◆ **Problem to solve**:
All of the records must be repeated exactly as they read.

◆ **Dataset entries**:
BEGIN
(* Functions on [-h,0] are represented as total functions R -> R; only their
   values on [-h,0] matter (see hypothesis j_local). *)
Definition seg (h s : R) : Prop := - h <= s <= 0.

Definition has_deriv_on (D : R -> Prop) (f f' : R -> R) : Prop :=
  forall s, D s -> forall eps, 0 < eps -> exists del, 0 < del /\
    forall y, D y -> Rabs (y - s) < del ->
      Rabs (f y - f s - f' s * (y - s)) <= eps * Rabs (y - s).

Definition cont_on (D : R -> Prop) (g : R -> R) : Prop :=
  forall s, D s -> forall eps, 0 < eps -> exists del, 0 < del /\
    forall y, D y -> Rabs (y - s) < del -> Rabs (g y - g s) < eps.

Definition C1_on (D : R -> Prop) (f f' : R -> R) : Prop :=
  has_deriv_on D f f' /\ cont_on D f'.

Definition isC1 (h : R) (f : R -> R) : Prop := exists f', C1_on (seg h) f f'.
Definition isC0 (h : R) (f : R -> R) : Prop := cont_on (seg h) f.

Definition norm0_le (h : R) (f : R -> R) (c : R) : Prop :=
  forall s, seg h s -> Rabs (f s) <= c.

(* ||f||_1 <= c, with ||f||_1 = max(||f||_0, ||f'||_0) (equivalent to the
   usual C^1 norm) *)
Definition norm1_le (h : R) (f : R -> R) (c : R) : Prop :=
  exists f', C1_on (seg h) f f' /\
    forall s, seg h s -> Rabs (f s) <= c /\ Rabs (f' s) <= c.

Definition fsub (f g : R -> R) : R -> R := fun s => f s - g s.
Definition fadd (f g : R -> R) : R -> R := fun s => f s + g s.

Definition in_U (h Rm : R) (phi psi : R -> R) : Prop :=
  isC1 h phi /\ isC1 h psi /\ forall s, seg h s -> Rm < psi s.

Definition in_Uplus (h : R) (phi psi : R -> R) : Prop :=
  isC1 h phi /\ isC1 h psi /\ forall s, seg h s -> 0 <= phi s /\ 0 <= psi s.

Definition in_Xplus (h : R) (q : R -> R) (j : (R -> R) -> (R -> R) -> R)
    (mu : R) (phi phi' psi psi' : R -> R) : Prop :=
  C1_on (seg h) phi phi' /\ C1_on (seg h) psi psi' /\
  (forall s, seg h s -> 0 <= phi s /\ 0 <= psi s) /\
  phi' 0 = q (psi 0) * phi 0 /\
  psi' 0 = j phi psi - mu * psi 0.

Definition shift (x : R -> R) (t : R) : R -> R := fun s => x (t + s).

Definition is_solution (h Rm : R) (q : R -> R) (j : (R -> R) -> (R -> R) -> R)
    (mu : R) (phi psi w w' v v' : R -> R) : Prop :=
  C1_on (fun s => - h <= s) w w' /\ C1_on (fun s => - h <= s) v v' /\
  (forall s, seg h s -> w s = phi s /\ v s = psi s) /\
  (forall t, - h <= t -> Rm < v t) /\
  (forall t, 0 <= t ->
     w' t = q (v t) * w t /\
     v' t = j (shift w t) (shift v t) - mu * v t).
END
◆ **Expected output**:
(* Functions on [-h,0] are represented as total functions R -> R; only their
   values on [-h,0] matter (see hypothesis j_local). *)
Definition seg (h s : R) : Prop := - h <= s <= 0.

Definition has_deriv_on (D : R -> Prop) (f f' : R -> R) : Prop :=
  forall s, D s -> forall eps, 0 < eps -> exists del, 0 < del /\
    forall y, D y -> Rabs (y - s) < del ->
      Rabs (f y - f s - f' s * (y - s)) <= eps * Rabs (y - s).

Definition cont_on (D : R -> Prop) (g : R -> R) : Prop :=
  forall s, D s -> forall eps, 0 < eps -> exists del, 0 < del /\
    forall y, D y -> Rabs (y - s) < del -> Rabs (g y - g s) < eps.

Definition C1_on (D : R -> Prop) (f f' : R -> R) : Prop :=
  has_deriv_on D f f' /\ cont_on D f'.

Definition isC1 (h : R) (f : R -> R) : Prop := exists f', C1_on (seg h) f f'.
Definition isC0 (h : R) (f : R -> R) : Prop := cont_on (seg h) f.

Definition norm0_le (h : R) (f : R -> R) (c : R) : Prop :=
  forall s, seg h s -> Rabs (f s) <= c.

(* ||f||_1 <= c, with ||f||_1 = max(||f||_0, ||f'||_0) (equivalent to the
   usual C^1 norm) *)
Definition norm1_le (h : R) (f : R -> R) (c : R) : Prop :=
  exists f', C1_on (seg h) f f' /\
    forall s, seg h s -> Rabs (f s) <= c /\ Rabs (f' s) <= c.

Definition fsub (f g : R -> R) : R -> R := fun s => f s - g s.
Definition fadd (f g : R -> R) : R -> R := fun s => f s + g s.

Definition in_U (h Rm : R) (phi psi : R -> R) : Prop :=
  isC1 h phi /\ isC1 h psi /\ forall s, seg h s -> Rm < psi s.

Definition in_Uplus (h : R) (phi psi : R -> R) : Prop :=
  isC1 h phi /\ isC1 h psi /\ forall s, seg h s -> 0 <= phi s /\ 0 <= psi s.

Definition in_Xplus (h : R) (q : R -> R) (j : (R -> R) -> (R -> R) -> R)
    (mu : R) (phi phi' psi psi' : R -> R) : Prop :=
  C1_on (seg h) phi phi' /\ C1_on (seg h) psi psi' /\
  (forall s, seg h s -> 0 <= phi s /\ 0 <= psi s) /\
  phi' 0 = q (psi 0) * phi 0 /\
  psi' 0 = j phi psi - mu * psi 0.

Definition shift (x : R -> R) (t : R) : R -> R := fun s => x (t + s).

Definition is_solution (h Rm : R) (q : R -> R) (j : (R -> R) -> (R -> R) -> R)
    (mu : R) (phi psi w w' v v' : R -> R) : Prop :=
  C1_on (fun s => - h <= s) w w' /\ C1_on (fun s => - h <= s) v v' /\
  (forall s, seg h s -> w s = phi s /\ v s = psi s) /\
  (forall t, - h <= t -> Rm < v t) /\
  (forall t, 0 <= t ->
     w' t = q (v t) * w t /\
     v' t = j (shift w t) (shift v t) - mu * v t).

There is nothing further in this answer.